A growing number of startups are developing VR programs for companies in order to train their employees to better recognise unconscious bias. Immersed in a realistic situation, a person can better understand the perspective of another – triggering the empathy necessary to change behaviour in reality. The applications are endless: abstract, difficult and highly complex topics within diversity are being explored, such as sexual harassment, bullying, gender diversity, disability inclusion, cultural inclusion, and minority stereotyping.

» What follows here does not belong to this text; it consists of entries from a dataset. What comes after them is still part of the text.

(* Let $G$ be a topological groupoid and $f\colon T\to G^{(0)}$ a continuous map. (a) If $G$ is proper, then $G[T]$ is proper. (b) If $G[T]$ is proper and $f$ is open and surjective, then $G$ is proper.
   Context: $G[T]=\{(t',t,g)\in(T\times T)\times G: g\in G^{f(t')}_{f(t)}\}$, a subgroupoid of the product of the pair groupoid $T\times T$ (product $(x,y)(y,z)=(x,z)$) with $G$, with the subspace topology; its unit space is $T$. A continuous map is proper if it is closed and has quasi-compact fibres (quasi-compact: every open cover has a finite subcover). A topological groupoid $H$ is proper if $(r,s)\colon H\to H^{(0)}\times H^{(0)}$ is proper. *)

From HB Require Import structures.
From mathcomp Require Import all_boot all_order.
From mathcomp Require Import all_classical topology.
Set Implicit Arguments. Unset Strict Implicit. Unset Printing Implicit Defensive.
Local Open Scope classical_set_scope.

(* The unit space is a separate topological space X, embedded in G by [tg_u]
   (the embedding is automatically a homeomorphism onto its image since
   tg_r \o tg_u = id with tg_r continuous).  Composition [tg_mul g h] = g h is
   meaningful when tg_s g = tg_r h (arrows go from source to range). *)
Record topGroupoid (G X : topologicalType) := TopGroupoid {
  tg_r : G -> X;
  tg_s : G -> X;
  tg_u : X -> G;
  tg_mul : G -> G -> G;
  tg_inv : G -> G;
  tg_r_u : forall x, tg_r (tg_u x) = x;
  tg_s_u : forall x, tg_s (tg_u x) = x;
  tg_r_mul : forall g h, tg_s g = tg_r h -> tg_r (tg_mul g h) = tg_r g;
  tg_s_mul : forall g h, tg_s g = tg_r h -> tg_s (tg_mul g h) = tg_s h;
  tg_mulA : forall g h k, tg_s g = tg_r h -> tg_s h = tg_r k ->
     tg_mul g (tg_mul h k) = tg_mul (tg_mul g h) k;
  tg_mul_ul : forall g, tg_mul (tg_u (tg_r g)) g = g;
  tg_mul_ur : forall g, tg_mul g (tg_u (tg_s g)) = g;
  tg_r_inv : forall g, tg_r (tg_inv g) = tg_s g;
  tg_s_inv : forall g, tg_s (tg_inv g) = tg_r g;
  tg_mulV : forall g, tg_mul g (tg_inv g) = tg_u (tg_r g);
  tg_mulVl : forall g, tg_mul (tg_inv g) g = tg_u (tg_s g);
  tg_r_cont : continuous tg_r;
  tg_s_cont : continuous tg_s;
  tg_u_cont : continuous tg_u;
  tg_inv_cont : continuous tg_inv;
  tg_mul_cont : {within [set p : G * G | tg_s p.1 = tg_r p.2],
                  continuous (fun p : G * G => tg_mul p.1 p.2)}
}.

(* Properness of a map h : A -> B restricted to the subspace D of A
   (with the subspace topology): h|_D is closed (relatively closed subsets of
   D have closed image) and has quasi-compact fibres.  Compactness of a
   subset of D in the subspace topology coincides with [compact] in A. *)
Definition proper_on (A B : topologicalType) (D : set A) (h : A -> B) : Prop :=
  (forall C : set A, (exists F : set A, closed F /\ C = D `&` F) ->
      closed (h @` C)) /\
  (forall b : B, compact (D `&` h @^-1` [set b])).

Definition proper_groupoid (G X : topologicalType) (Gr : topGroupoid G X) : Prop :=
  proper_on setT (fun g : G => (tg_r Gr g, tg_s Gr g)).

(* Arrow space of the pullback groupoid G[T] = {(t',t,g) | g in G^{f t'}_{f t}}
   as a subspace of (T x T) x G.  Its unit space is T, with range and source
   maps (t',t,g) |-> t' and (t',t,g) |-> t respectively. *)
Definition pullback_arrows (G X T : topologicalType) (Gr : topGroupoid G X)
  (f : T -> X) : set ((T * T) * G) :=
  [set p | tg_r Gr p.2 = f p.1.1 /\ tg_s Gr p.2 = f p.1.2].

Definition proper_pullback (G X T : topologicalType) (Gr : topGroupoid G X)
  (f : T -> X) : Prop :=
  proper_on (pullback_arrows Gr f) (fun p : (T * T) * G => (p.1.1, p.1.2)).

Definition open_map (A B : topologicalType) (h : A -> B) : Prop :=
  forall U : set A, open U -> open (h @` U).

From mathcomp Require Import all_boot all_order.
From mathcomp Require Import all_classical topology.
Set Implicit Arguments. Unset Strict Implicit. Unset Printing Implicit Defensive.
Local Open Scope classical_set_scope.

(** The pullback G[T] is the fibre product of (r, s) : G -> X * X with
f * f : T * T -> X * X, its (r, s) map being the first projection, so both
parts are facts about fibre products P = Z *_B A of a map h : A -> B along a
map phi : Z -> B.  (a) Proper maps are stable under pullback along a
continuous phi: the fibres of P -> Z are copies of fibres of h, and closedness
follows from the tube lemma applied to a compact fibre of h.  (b) If phi is
open and surjective, properness descends: the fibres of h are images of
fibres of P -> Z under the second projection, and for closed C the
complement of h(C) is the phi-image of an open set. *)

Definition closed_map (A B : topologicalType) (h : A -> B) : Prop :=
  forall C : set A, closed C -> closed (h @` C).

Lemma proper_on_setTP (A B : topologicalType) (h : A -> B) :
  proper_on setT h <-> closed_map h /\ forall b, compact (h @^-1` [set b]).
Proof.
split=> -[hcl hfib]; split.
- by move=> C cC; apply: hcl; exists C; rewrite setTI.
- by move=> b; rewrite -[_ @^-1` _]setTI.
- by move=> _ [F [cF ->]]; rewrite setTI; exact: hcl.
- by move=> b; rewrite setTI.
Qed.

Definition prod_map (A B C D : Type) (f : A -> C) (g : B -> D) (p : A * B) : C * D :=
  (f p.1, g p.2).

Section ProdMap.
Context {A B C D : topologicalType} (f : A -> C) (g : B -> D).

Lemma prod_map_continuous : continuous f -> continuous g -> continuous (prod_map f g).
Proof.
move=> fc gc p; apply: cvg_pair.
- exact: (continuous_comp (@cvg_fst _ _ _ _ _) (fc _)).
- exact: (continuous_comp (@cvg_snd _ _ _ _ _) (gc _)).
Qed.

Lemma prod_map_surj : (forall c, exists a, f a = c) -> (forall d, exists b, g b = d) ->
  forall p, exists q, prod_map f g q = p.
Proof.
move=> fs gs [c d]; have [[a <-] [b <-]] := (fs c, gs d).
by exists (a, b).
Qed.

Lemma prod_map_open : open_map f -> open_map g -> open_map (prod_map f g).
Proof.
move=> fo go U oU; rewrite openE => _ [[a b] Uab <-].
have [[P Q] /= [+ +] PQU] : nbhs (a, b) U by exact: open_nbhs_nbhs.
rewrite !nbhsE => -[P' [oP' P'a] P'P] [Q' [oQ' Q'b] Q'Q].
exists (f @` P', g @` Q').
  by split; apply: open_nbhs_nbhs; split;
    [exact: fo | by exists a | exact: go | by exists b].
move=> [c d] /= [[a' P'a' <-] [b' Q'b' <-]].
by exists (a', b') => //; apply: PQU; split; [exact: P'P | exact: Q'Q].
Qed.

End ProdMap.

Lemma tube_lemma (Z Y : topologicalType) (z : Z) (K : set Y) (W : set (Z * Y)) :
  compact K -> open W -> [set z] `*` K `<=` W ->
  exists U V, [/\ nbhs z U, open V, K `<=` V & U `*` V `<=` W].
Proof.
move=> /compact_near_coveringP cK oW zKW.
pose tube_over (U : set Z) (y : Y) :=
  exists2 V, open_nbhs y V & U `*` V `<=` W.
(* Compactness of K as [near_covering], indexed by the filter of sets that
   are contained in some neighbourhood of z. *)
have : \forall U \near powerset_filter_from (nbhs z), K `<=` tube_over U.
  apply: cK => y Ky.
  have [[P V] /= [nP nV] PVW] : nbhs (z, y) W.
    by apply: open_nbhs_nbhs; split => //; exact: zKW.
  move: nV; rewrite nbhsE => -[V' [oV' V'y] V'V].
  exists (V', [set U | U `<=` P]).
    by split; [exact: open_nbhs_nbhs | exact: small_set_sub].
  move=> [y' U] /= [V'y' UP]; exists V' => //.
  by move=> [u v] [/UP Pu /V'V Vv]; exact: PVW.
rewrite near_powerset_filter_fromP; last first.
  by move=> U U' UU' KU' y /KU' [V nV U'VW]; exists V => // p [/UU' ? ?]; apply: U'VW.
move=> [U nU KU]; exists U, [set y | tube_over U y]; split => //.
- rewrite openE => y [V [oV Vy] UVW]; rewrite /interior.
  by apply: (filterS _ (open_nbhs_nbhs (conj oV Vy))) => v Vv; exists V.
- by move=> [u v] [Uu [V [_ Vv] UVW]]; exact: UVW.
Qed.

Section FibreProduct.
Context {Z A B : topologicalType} (phi : Z -> B) (h : A -> B).

Definition fibre_product : set (Z * A) := [set p | phi p.1 = h p.2].

Lemma fibre_product_fst_fibreE (z : Z) :
  fibre_product `&` fst @^-1` [set z] = pair z @` (h @^-1` [set phi z]).
Proof.
rewrite eqEsubset; split => [[z' a] [/= eza <-]|_ [a ha <-]] //.
by exists a.
Qed.

Lemma compact_fst_fibre (z : Z) :
  compact (h @^-1` [set phi z]) -> compact (fibre_product `&` fst @^-1` [set z]).
Proof.
move=> cK; rewrite fibre_product_fst_fibreE; apply: continuous_compact cK.
apply: continuous_subspaceT => a; apply: cvg_pair; [exact: cvg_cst | exact: cvg_id].
Qed.

Lemma compact_fibre_descent (z : Z) :
  compact (fibre_product `&` fst @^-1` [set z]) -> compact (h @^-1` [set phi z]).
Proof.
have -> : h @^-1` [set phi z] = snd @` (fibre_product `&` fst @^-1` [set z]).
  by rewrite fibre_product_fst_fibreE image_comp image_id.
by apply: continuous_compact; apply: continuous_subspaceT => p; exact: cvg_snd.
Qed.

Lemma closed_fst_fibre_product : continuous phi ->
    closed_map h -> (forall b, compact (h @^-1` [set b])) ->
  forall F, closed F -> closed (fst @` (fibre_product `&` F)).
Proof.
move=> phic hcl hfib F cF; rewrite -openC openE => z nSz.
have [U [V [nU oV KV UVW]]] :
    exists U V, [/\ nbhs z U, open V, h @^-1` [set phi z] `<=` V & U `*` V `<=` ~` F].
  apply: tube_lemma (hfib _) (closed_openC cF) _ => -[_ a] [/= -> ha] Fza.
  by apply: nSz; exists (z, a).
(* The points whose whole h-fibre lies in V: an open set since h is closed. *)
pose N := ~` (h @` ~` V).
have oN : open N by apply/closed_openC/hcl/open_closedC.
have Nphiz : N (phi z) by move=> [a nVa ha]; apply/nVa/KV.
have nN : nbhs z (phi @^-1` N) by apply: phic; exact: open_nbhs_nbhs.
apply: filterS (filterI nU nN) => w [Uu Nu] [[u a] [/= phiua Fua] /= uw]; subst w.
have Va : V a by apply: contrapT => nVa; apply: Nu; exists a.
exact: UVW (u, a) (conj Uu Va) Fua.
Qed.

Lemma closed_map_descent : open_map phi -> (forall b, exists z, phi z = b) ->
    (forall F, closed F -> closed (fst @` (fibre_product `&` F))) ->
  closed_map h.
Proof.
move=> phio phis fcl C cC.
pose S := fst @` (fibre_product `&` snd @^-1` C).
(* b is in h(C) iff the (nonempty) phi-fibre over b lies in S. *)
have -> : h @` C = ~` (phi @` ~` S).
  rewrite eqEsubset; split=> [_ [a Ca <-] [z nSz phiza]|b nb].
    by apply: nSz; exists (z, a).
  have [z phizb] := phis b.
  have [[z' a] [/= phiza Ca] /= z'z] : S z.
    by apply: contrapT => nSz; apply: nb; exists z.
  by exists a; rewrite // -phiza z'z.
apply/open_closedC/phio/closed_openC/fcl.
exact: (continuous_closedP _).1 (fun p => cvg_snd) _ cC.
Qed.

Lemma proper_fst_fibre_product :
  continuous phi -> proper_on setT h -> proper_on fibre_product fst.
Proof.
move=> phic /proper_on_setTP[hcl hfib]; split=> [_ [F [cF ->]] | z].
  exact: closed_fst_fibre_product.
exact: compact_fst_fibre.
Qed.

Lemma proper_descent : open_map phi -> (forall b, exists z, phi z = b) ->
  proper_on fibre_product fst -> proper_on setT h.
Proof.
move=> phio phis [fcl ffib]; apply/proper_on_setTP; split.
  by apply: closed_map_descent => // F cF; apply: fcl; exists F.
by move=> b; have [z <-] := phis b; exact: compact_fibre_descent.
Qed.

End FibreProduct.

Theorem proposition2p22 (G X T : topologicalType) (Gr : topGroupoid G X)
  (f : T -> X) (f_cont : continuous f) :
  (proper_groupoid Gr -> proper_pullback Gr f) /\
  (proper_pullback Gr f -> open_map f -> (forall x : X, exists t : T, f t = x) ->
     proper_groupoid Gr).
Proof.
have pullbackE : pullback_arrows Gr f =
    fibre_product (prod_map f f) (fun g => (tg_r Gr g, tg_s Gr g)).
  by apply/seteqP; split=> -[[t' t] g];
    rewrite /pullback_arrows /fibre_product /prod_map /= => -[-> ->].
have fstE : (fun p : (T * T) * G => (p.1.1, p.1.2)) = fst by apply/funext => -[[]].
rewrite /proper_pullback /proper_groupoid pullbackE fstE; split.
  by apply: proper_fst_fibre_product; exact: prod_map_continuous.
move=> proper_pb f_open f_surj; apply: proper_descent proper_pb.
  exact: prod_map_open.
exact: prod_map_surj.
Qed.
(* Let $j = \pm 1$ and let $n$ and $r$ be positive integers. Define \[ \mu_{n} = \prod_{p \mid n,\ p \text{ prime}} p^{1/(p-1)}. \] Then the coefficients of the polynomial \[ \binom{2r}{r}\, {}_{2}F_{1}\!\left(-r,-r+j/n;-2r;n\mu_{n}X\right) \] are algebraic integers.
   Context: ${}_{2}F_{1}(a,b;c;X) = \sum_{s\geq0}\frac{(a)_{s}(b)_{s}}{(c)_{s}\,s!}X^{s}$ with $(y)_{s} = y(y+1)\cdots(y+s-1)$; with $a=-r$ and $c=-2r$ this is the polynomial $\sum_{s=0}^{r}\frac{(-r)_{s}(-r+j/n)_{s}}{(-2r)_{s}\,s!}X^{s}$. *)

From HB Require Import structures.
From mathcomp Require Import all_boot all_order all_algebra all_field.
Set Implicit Arguments. Unset Strict Implicit. Unset Printing Implicit Defensive.
Import Order.TTheory GRing.Theory Num.Theory.
Local Open Scope ring_scope.

Definition poch (y : algC) (s : nat) : algC := \prod_(i < s) (y + i%:R).

(* mu_n = prod_{p | n, p prime} p^(1/(p-1)), the positive real (p-1)-th root *)
Definition mu (n : nat) : algC :=
  \prod_(p <- primes n) ((p.-1).-root (p%:R : algC)).

Definition F21 (a b c : algC) (r : nat) : {poly algC} :=
  \poly_(s < r.+1) (poch a s * poch b s / (poch c s * (s`!)%:R)).

Definition lemma_poly (j : int) (n r : nat) : {poly algC} :=
  ('C(2 * r, r))%:R *:
    (F21 (- (r%:R)) (- (r%:R) + (j%:~R) / (n%:R)) (- ((2 * r)%:R)) r
      \Po ((n%:R * mu n) *: 'X)).

(* The i-th coefficient is C(2r-i, r) * (prod_(k<i) (j - nr + nk)) / i! * mu_n^i.
   Split i! = D * M into its \pi(n)-part D and its \pi(n)'-part M. Modulo M the
   integer n is invertible, so the arithmetic progression j - nr + nk is congruent
   to n times i consecutive integers, and M divides the product. For a prime
   p | n, Legendre's bound (p - 1) v_p(i!) <= i shows that p^(i/(p-1)) / p^v_p(i!)
   is an algebraic integer, hence so is mu_n^i / D. *)

From mathcomp Require Import all_boot all_order all_algebra all_field.
From mathcomp Require Import ring zify.
Import Order.TTheory GRing.Theory Num.Theory.

Set Implicit Arguments.
Unset Strict Implicit.
Unset Printing Implicit Defensive.

Lemma leq_predn_sum_divn_expS (p N m : nat) : (0 < p)%N ->
  (p.-1 * \sum_(k < N) m %/ p ^ k.+1 <= m)%N.
Proof.
move=> p_gt0; elim: N m => [|N IHN] m; first by rewrite big_ord0 muln0.
rewrite big_ord_recl /=.
under eq_bigr => k _ do rewrite /bump /= add1n expnS divnMA.
have := IHN (m %/ p); have := leq_divM m p.
move: (m %/ p) (\sum_(k < N) _) => q S.
by case: p p_gt0 {IHN} => // p _ /=; nia.
Qed.

Lemma leq_predn_logn_fact (p s : nat) : prime p -> (p.-1 * logn p s`! <= s)%N.
Proof.
move=> p_pr; rewrite logn_fact // big_add1 big_mkord.
exact: leq_predn_sum_divn_expS (prime_gt0 p_pr).
Qed.

Lemma prod_addSn_ffact (c s : nat) : (\prod_(k < s) (c.+1 + k) = (c + s) ^_ s)%N.
Proof.
rewrite ffact_prod (reindex_inj rev_ord_inj) /=; apply: eq_bigr => k _.
by have := ltn_ord k; lia.
Qed.

Lemma dvdn_fact_prod_addn (c s : nat) : (s`! %| \prod_(k < s) (c + k))%N.
Proof.
case: c => [|c]; last by rewrite prod_addSn_ffact -bin_ffact dvdn_mull.
by case: s => [|s]; rewrite ?big_ord0 // big_ord_recl mul0n dvdn0.
Qed.

Lemma mul_bin_ffact (n k i : nat) : (i + k <= n)%N ->
  ('C(n, k) * (n - k) ^_ i = 'C(n - i, k) * n ^_ i)%N.
Proof.
move=> le_ikn; apply/eqP.
rewrite -(eqn_pmul2r (fact_gt0 k)) -(eqn_pmul2r (fact_gt0 (n - k - i))); apply/eqP.
transitivity ('C(n, k) * (k`! * ((n - k) ^_ i * (n - k - i)`!)))%N; first by ring.
rewrite ffact_fact ?bin_fact; [|lia..].
have -> : (n - k - i = n - i - k)%N by lia.
transitivity ('C(n - i, k) * (k`! * (n - i - k)`!) * n ^_ i)%N; last by ring.
rewrite bin_fact; last by lia.
by rewrite mulnC ffact_fact //; lia.
Qed.

Lemma eqz_mod_prod (I : Type) (r : seq I) (P : pred I) (F G : I -> int) (d : int) :
  (forall i, P i -> (F i = G i %[mod d])%Z) ->
  (\prod_(i <- r | P i) F i = \prod_(i <- r | P i) G i %[mod d])%Z.
Proof.
move=> eqFG; elim/big_ind2: _ => // x1 x2 y1 y2 e1 e2.
by rewrite -modzMm e1 e2 modzMm.
Qed.

Local Open Scope ring_scope.

Lemma dvdz_prod_arith_prog (M n s : nat) (a : int) : coprime M n -> (M %| s`!)%N ->
  (M%:Z %| \prod_(k < s) (a + n%:Z * k%:Z))%Z.
Proof.
move=> coMn dvd_M_fact.
have M_gt0 : (0 < M)%N by apply: dvdn_gt0 dvd_M_fact; exact: fact_gt0.
have [u [v uMvn]] := Bezoutz M n; rewrite /gcdz /= (eqP coMn) in uMvn.
(* v inverts n modulo M, so a = n (a v) = n c modulo M. *)
pose c := absz ((a * v) %% M)%Z.
have c_eq : c%:Z = a * v - ((a * v) %/ M)%Z * M%:Z.
  by rewrite gez0_abs ?modz_ge0 ?eqz_nat -?lt0n // {2}(divz_eq (a * v) M) addrC addKr.
have shift k : (a + n%:Z * k%:Z = n%:Z * (c + k)%N%:Z %[mod M])%Z.
  apply/eqP; rewrite eqz_mod_dvd; apply/dvdzP.
  exists (a * u + n%:Z * ((a * v) %/ M)%Z).
  have a_eq : a = a * (u * M%:Z + v * n%:Z) by rewrite uMvn mulr1.
  by rewrite PoszD c_eq {1}a_eq; ring.
apply/dvdz_mod0P; rewrite (eqz_mod_prod _ (fun (k : 'I_s) _ => shift k)).
apply/dvdz_mod0P; rewrite big_split /=; apply: dvdz_mull.
rewrite -(big_morph _ PoszM (erefl 1%:Z)).
exact: dvdn_trans dvd_M_fact (dvdn_fact_prod_addn c s).
Qed.

Lemma partn_pi_of (m n : nat) : (m`_\pi(n) = \prod_(p <- primes n) p ^ logn p m)%N.
Proof.
rewrite (@widen_partn (maxn m n)) ?leq_maxl //.
by rewrite -big_filter filter_pi_of // ltnS leq_maxr.
Qed.

Lemma Aint_rootC_nat (k m : nat) : (0 < k)%N -> k.-root (m%:R : algC) \in Aint.
Proof.
move=> k_gt0; apply: (@root_monic_Aint ('X^k - (m%:R)%:P)).
- by rewrite /root !hornerE rootCK // subrr.
- exact: monicXnsubC.
- by rewrite polyOverXnsubC natr_int.
Qed.

Lemma Aint_rootC_exp_div (k m s e : nat) : (0 < k)%N -> (0 < m)%N -> (k * e <= s)%N ->
  k.-root (m%:R : algC) ^+ s / (m ^ e)%:R \in Aint.
Proof.
move=> k_gt0 m_gt0 le_ke_s; set x := k.-root _.
have x_neq0 : x != 0 by rewrite rootC_eq0 // pnatr_eq0 -lt0n.
rewrite natrX -[m%:R](rootCK k_gt0) -/x -exprM -expfB_cond ?(negbTE x_neq0) //.
exact/rpredX/Aint_rootC_nat.
Qed.

Lemma Aint_mu_exp_div_partn (n s : nat) : mu n ^+ s / (s`!`_\pi(n))%N%:R \in Aint.
Proof.
rewrite partn_pi_of natr_prod /mu -prodrXl -prodf_div big_seq.
apply: rpred_prod => p; rewrite mem_primes => /and3P[p_pr _ _].
apply: Aint_rootC_exp_div; [|exact: prime_gt0|exact: leq_predn_logn_fact].
by rewrite -ltnS prednK ?prime_gt1 ?prime_gt0.
Qed.

Lemma Aint_prod_arith_prog_div_fact_mu (n s : nat) (a : int) : (0 < n)%N ->
  (\prod_(k < s) (a + n%:Z * k%:Z))%:~R / (s`!)%:R * mu n ^+ s \in Aint.
Proof.
move=> n_gt0; set D := (s`!`_\pi(n))%N; set M := (s`!`_(\pi(n))^')%N.
have DM : (D * M = s`!)%N by rewrite partnC ?fact_gt0.
have /dvdzP[q ->] : (M%:Z %| \prod_(k < s) (a + n%:Z * k%:Z))%Z.
  apply: dvdz_prod_arith_prog; last by rewrite -DM dvdn_mull.
  by have := coprime_partC (\pi(n))^' s`! n; rewrite partnNK partn_pi.
have D_neq0 : (D%:R : algC) != 0 by rewrite pnatr_eq0 -lt0n part_gt0.
have M_neq0 : (M%:R : algC) != 0 by rewrite pnatr_eq0 -lt0n part_gt0.
rewrite -DM natrM rmorphM /= -pmulrn.
have -> : q%:~R * M%:R / (D%:R * M%:R) * mu n ^+ s = q%:~R * (mu n ^+ s / D%:R) :> algC.
  by field; rewrite D_neq0 M_neq0.
by rewrite rpredM ?Aint_int ?Aint_mu_exp_div_partn.
Qed.

Lemma coef_comp_scaleX (R : comNzRingType) (p : {poly R}) (c : R) (i : nat) :
  (p \Po (c *: 'X))`_i = p`_i * c ^+ i.
Proof.
rewrite comp_polyE coef_sum.
under eq_bigr => k _ do rewrite exprZn coefZ coefZ coefXn mulrA.
have [lt_i_p | le_p_i] := ltnP i (size p).
  rewrite (bigD1 (Ordinal lt_i_p)) //= eqxx mulr1 big1 ?addr0 // => k.
  by rewrite -val_eqE eq_sym /= => /negbTE ->; rewrite mulr0.
rewrite nth_default // mul0r big1 // => k _.
by rewrite gtn_eqF ?mulr0 // (leq_trans (ltn_ord k)).
Qed.

Lemma poch_opp_nat (m i : nat) : (i <= m)%N ->
  poch (- (m%:R)) i = (-1) ^+ i * (m ^_ i)%:R.
Proof.
move=> le_im; rewrite /poch ffact_prod natr_prod -[i in (-1) ^+ i]card_ord -prodrN.
apply: eq_bigr => k _; rewrite natrB; first by rewrite opprB addrC.
exact: leq_trans (ltnW (ltn_ord k)) le_im.
Qed.

Lemma exprn_poch_div (n i : nat) (a : int) : (0 < n)%N ->
  (n%:R : algC) ^+ i * poch (a%:~R / n%:R) i = (\prod_(k < i) (a + n%:Z * k%:Z))%:~R.
Proof.
move=> n_gt0; have n_neq0 : (n%:R : algC) != 0 by rewrite pnatr_eq0 -lt0n.
rewrite /poch -[i in _ ^+ i]card_ord -prodr_const -big_split rmorph_prod /=.
apply: eq_bigr => k _; rewrite rmorphD rmorphM /= -!pmulrn.
by field.
Qed.

Lemma coef_lemma_poly (j : int) (n r i : nat) : (0 < n)%N ->
  (lemma_poly j n r)`_i = if (i <= r)%N then
    'C(2 * r - i, r)%:R *
      ((\prod_(k < i) ((j - n%:Z * r%:Z) + n%:Z * k%:Z))%:~R / (i`!)%:R * mu n ^+ i)
  else 0.
Proof.
move=> n_gt0; rewrite /lemma_poly coefZ coef_comp_scaleX /F21 coef_poly ltnS.
case: leqP => [le_ir | _]; last by rewrite mul0r mulr0.
have le_i_2r : (i <= 2 * r)%N by lia.
have n_neq0 : (n%:R : algC) != 0 by rewrite pnatr_eq0 -lt0n.
have ffact_neq0 : (((2 * r) ^_ i)%:R : algC) != 0 by rewrite pnatr_eq0 -lt0n ffact_gt0.
have fact_neq0 : ((i`!)%:R : algC) != 0 by rewrite pnatr_eq0 -lt0n fact_gt0.
have sign_neq0 : ((-1) ^+ i : algC) != 0 by rewrite signr_eq0.
have binE : 'C(2 * r - i, r)%:R = 'C(2 * r, r)%:R * (r ^_ i)%:R / ((2 * r) ^_ i)%:R :> algC.
  have two_r_sub_r : (2 * r - r = r)%N by lia.
  have := mul_bin_ffact (n := 2 * r) (k := r) (i := i); rewrite two_r_sub_r => binE_nat.
  rewrite -natrM binE_nat; last by lia.
  by rewrite natrM mulfK.
have -> : - r%:R + j%:~R / n%:R = (j - n%:Z * r%:Z)%:~R / n%:R :> algC.
  by rewrite rmorphB rmorphM /= -!pmulrn; field.
rewrite !poch_opp_nat // -exprn_poch_div // binE exprMn.
by field; rewrite sign_neq0 ffact_neq0 fact_neq0.
Qed.

Theorem lemma2p4 (j : int) (n r : nat) :
  (j = 1 \/ j = -1) -> (0 < n)%N -> (0 < r)%N ->
  forall i : nat, (lemma_poly j n r)`_i \in Aint.
Proof.
move=> _ n_gt0 _ i; rewrite coef_lemma_poly //.
case: ifP => _; last exact: rpred0.
by rewrite rpredM ?rpred_nat ?Aint_prod_arith_prog_div_fact_mu.
Qed.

Furthermore, multisensory VR allows developers to add a range of data collection features, such as eye-tracking (to know where someone has looked), and body sensors (to know whether someone was stressed or relaxed during the experience). This data provides users with performance feedback and a comparison to the overall sample group’s responses, stimulating further discussion.

The caveat here is to tread carefully and to treat such sensitive material with an unwavering responsibility to the end user. As creators, that duty of care must be at the forefront of design and narrative storytelling so as to avoid unintended consequences, and even the perpetuation of said bias.

The takeaway here is that VR can not only help to challenge and change bias in both personal and professional settings, but also, as a developing medium and industry, it offers a golden opportunity to craft an inclusive sector that reaps the benefit of hindsight and learns from the mistakes of other industries before it.

If the VR industry is primarily patriarchal, then the social change it propagates will be, too.

We need to ensure that we work against the reinforcement of patriarchy, by growing, nurturing, inspiring and empowering the next generation of girls, women and bias-conscious men, in creative technology. After all, we are all in this together.